Clayton MacDonald, Stefan Vezina, and Jamie Molnar will compete in the Alberta and Yukon Regional FireFit Championships in Ft. McMurray on June 3 – 4 before heading down to Calgary to take on the Firefighter Stairclimb Challenge on June 11.

The FireFit Championships competition is based on a series of firefighting tasks commonly carried out in emergency situations. There are both individual and team events with multiple categories. Competitors in the Regional Championships compete to qualify for the National Championships. 

The SHFD competitors will be competing in both individual and relay events. 

Competitors in the individual events perform a series of tasks in full firefighter gear, wearing and breathing from an SCBA (Self-Contained Breathing Apparatus) pack.
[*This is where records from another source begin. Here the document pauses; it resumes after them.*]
(* Let $\bm X$ be an integrable random vector in $\mathbb{R}^d$, and let $\bm Y_1,\ldots,\bm Y_k\in\mathbb{R}^m$ be observations that are conditionally i.i.d. given $\bm X$ with a common conditional density $f_{\bm Y|\bm X}$, i.e. the joint density factorizes as $f_{\bm X}(\bm x)\prod_{i=1}^k f_{\bm Y|\bm X}(\bm y_i|\bm x)$. Let $\bm Y$ denote a generic observation with $(\bm X,\bm Y)$ having density $f_{\bm X}(\bm x)f_{\bm Y|\bm X}(\bm y|\bm x)$, let $g(\bm y)=\mathbb{E}[\bm X\mid\bm Y=\bm y]$, and set $W=\|\bm X-g(\bm Y)\|_2^2$. Define \[ D_2(k)=\mathbb{E}\!\left[\min_{1\le i\le k}\|\bm X-g(\bm Y_i)\|_2^2\right]. \] Assume there are constants $C>0$, $\alpha>0$, $a_0>0$ such that $\mathbb{P}(W\le a)\le Ca^\alpha$ for all $a\in[0,a_0]$. Then for every $k$ such that \[ a^\star\triangleq\left(\frac{1}{C(1+\alpha k)}\right)^{1/\alpha}\le a_0, \] we have \[ D_2(k)\ge e^{-1/\alpha}\left(\frac{1}{C(1+\alpha k)}\right)^{1/\alpha}. \] In particular, $D_2(k)=\Omega(k^{-1/\alpha})$ as $k\to\infty$.
   Context: $g$ is the single-agent MMSE estimator (conditional expectation), applied by each of the $k$ agents to its own observation. $f=\Omega(h)$ means $f(k)\ge c\,h(k)$ for some constant $c>0$ and all sufficiently large $k$. *)

From HB Require Import structures.
From mathcomp Require Import all_boot all_order all_algebra.
From mathcomp Require Import all_classical all_reals all_analysis.
Set Implicit Arguments. Unset Strict Implicit. Unset Printing Implicit Defensive.
Import Order.TTheory GRing.Theory Num.Theory.
Import numFieldNormedType.Exports.
Local Open Scope classical_set_scope.
Local Open Scope ring_scope.

(* R^n is represented by n.-tuple R, equipped by the library with the product
   (= Borel) sigma-algebra generated by the coordinate projections. *)

Definition sqdist (R : realType) (n : nat) (x y : n.-tuple R) : R :=
  \sum_(j < n) (tnth x j - tnth y j) ^+ 2.

Section defs.
Context (R : realType) (dO : measure_display) (Omega : measurableType dO)
  (P : probability Omega R) (d m : nat).

(* Joint-density factorization: for every k, the vector (X, Y_0, ..., Y_{k-1})
   has joint density fX(x) * prod_{i<k} fY(y_i | x) w.r.t. lX (x) lY^k;
   stated on measurable rectangles (which determine the joint law). *)
Definition cond_iid_density (X : Omega -> d.-tuple R) (Y : nat -> Omega -> m.-tuple R)
  (lX : {measure set (d.-tuple R) -> \bar R}) (lY : {measure set (m.-tuple R) -> \bar R})
  (fX : d.-tuple R -> R) (fY : m.-tuple R -> d.-tuple R -> R) : Prop :=
  forall (k : nat) (A : set (d.-tuple R)) (B : 'I_k -> set (m.-tuple R)),
    measurable A -> (forall i, measurable (B i)) ->
    P [set w | A (X w) /\ forall i : 'I_k, B i (Y i w)] =
    (\int[lX]_(x in A) ((fX x)%:E *
        \big[*%E/1%E]_(i < k) \int[lY]_(y in B i) (fY y x)%:E))%E.

Definition pair_density (X : Omega -> d.-tuple R) (Y : Omega -> m.-tuple R)
  (lX : {measure set (d.-tuple R) -> \bar R}) (lY : {measure set (m.-tuple R) -> \bar R})
  (fX : d.-tuple R -> R) (fY : m.-tuple R -> d.-tuple R -> R) : Prop :=
  forall (A : set (d.-tuple R)) (B : set (m.-tuple R)),
    measurable A -> measurable B ->
    P [set w | A (X w) /\ B (Y w)] =
    (\int[lX]_(x in A) ((fX x)%:E * \int[lY]_(y in B) (fY y x)%:E))%E.

Definition is_cond_exp_fun (X : Omega -> d.-tuple R) (Y : Omega -> m.-tuple R)
  (g : m.-tuple R -> d.-tuple R) : Prop :=
  measurable_fun [set: m.-tuple R] g /\
  (forall j : 'I_d, P.-integrable [set: Omega] (fun w => (tnth (g (Y w)) j)%:E)) /\
  (forall (B : set (m.-tuple R)) (j : 'I_d), measurable B ->
     (\int[P]_(w in Y @^-1` B) (tnth (X w) j)%:E =
      \int[P]_(w in Y @^-1` B) (tnth (g (Y w)) j)%:E)%E).

(* D_2(k) = E[ min_{1<=i<=k} ||X - g(Y_i)||^2 ]  (agents indexed 0..k-1) *)
Definition D2 (X : Omega -> d.-tuple R) (Y : nat -> Omega -> m.-tuple R)
  (g : m.-tuple R -> d.-tuple R) (k : nat) : \bar R :=
  (\int[P]_w \big[Order.min/+oo]_(i < k) (sqdist (X w) (g (Y i w)))%:E)%E.

End defs.

From HB Require Import structures.
From mathcomp Require Import all_boot all_order all_algebra.
From mathcomp Require Import all_classical all_reals all_analysis measurable_realfun.
From mathcomp Require Import ring lra.
Set Implicit Arguments. Unset Strict Implicit. Unset Printing Implicit Defensive.
Import Order.TTheory GRing.Theory Num.Theory.
Local Open Scope classical_set_scope.
Local Open Scope ring_scope.

(* Fix a >= 0 and let E be the event that every agent's squared error exceeds a;
   since the minimum of the errors is at least a on E, D_2(k) >= a P(E).  Given
   X = x the agents err independently, each with probability
   q(x) = P(W > a | X = x), so P(E) = E[q(X)^k] >= E[q(X)]^k = P(W > a)^k by
   Jensen's inequality.  At a = a* the small-ball assumption gives
   P(W > a) >= alpha k / (1 + alpha k), and (alpha k / (1 + alpha k))^k
   >= e^(-1/alpha). *)

Lemma exprS_ge_tangent (R : realDomainType) (p q : R) n : 0 <= p -> 0 <= q ->
  p ^+ n.+1 + n.+1%:R * p ^+ n * (q - p) <= q ^+ n.+1.
Proof.
move=> p0 q0; elim: n => [|n IHn]; first by rewrite !expr1 expr0 mulr1 mul1r addrC subrK.
have step : 0 <= q * (q ^+ n.+1 - (p ^+ n.+1 + n.+1%:R * p ^+ n * (q - p))).
  by rewrite mulr_ge0 // subr_ge0.
have square : 0 <= n.+1%:R * p ^+ n * (q - p) ^+ 2.
  by rewrite mulr_ge0 ?sqr_ge0 // mulr_ge0 ?exprn_ge0.
move: step square; rewrite !exprS -[n.+2%:R]natr1 expr0 mulr1.
move: (p ^+ n) (q ^+ n) (n.+1%:R : R) => pn qn N; nra.
Qed.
The tasks include:

1. Stair Climb: Competitors must carry a Hi-Rise Pack (a 4’ bundle of 4” hose weighing 42 lb) to the top floor of the tower (40 ft, six flights, 60 steps) and place it entirely in or on a box on the deck of the tower. Steps can be taken one at a time or in multiples.

2. Hose Hoist: Competitors must haul a 45 lb “Donut Roll” of LDH (Large Diameter Hose) to the top of the tower with a 5/8” kern-mantle rope, then lift and place it in or on the box.

3. Descending The Tower: Competitors must touch every stair and use the handrails.

4. Forcible Entry: Competitors use a 9 lb Trusty Cook shot mallet on a force machine to move the beam a set distance.

5. Run: Competitors run or walk as fast as they can around a series of fire hydrants for a distance of 140’.

6. Hose Advance: Competitors shoulder a 1 3/4” fully charged hose line and drag it 75’ before opening the nozzle and hitting a target with the stream of water. They then shut the nozzle and place it on the ground.

7. Victim Rescue: Competitors must drag a 175 lb mannequin backwards for a distance of 100’.

For the relay events, 3 – 5 person teams complete the seven tasks outlined above in full firefighter gear while wearing (but not breathing from) an SCBA pack. All team members must complete one or more of the seven listed tasks. A flashlight is used as a baton for this relay, with active team members passing the flashlight to the member who is to perform the next task.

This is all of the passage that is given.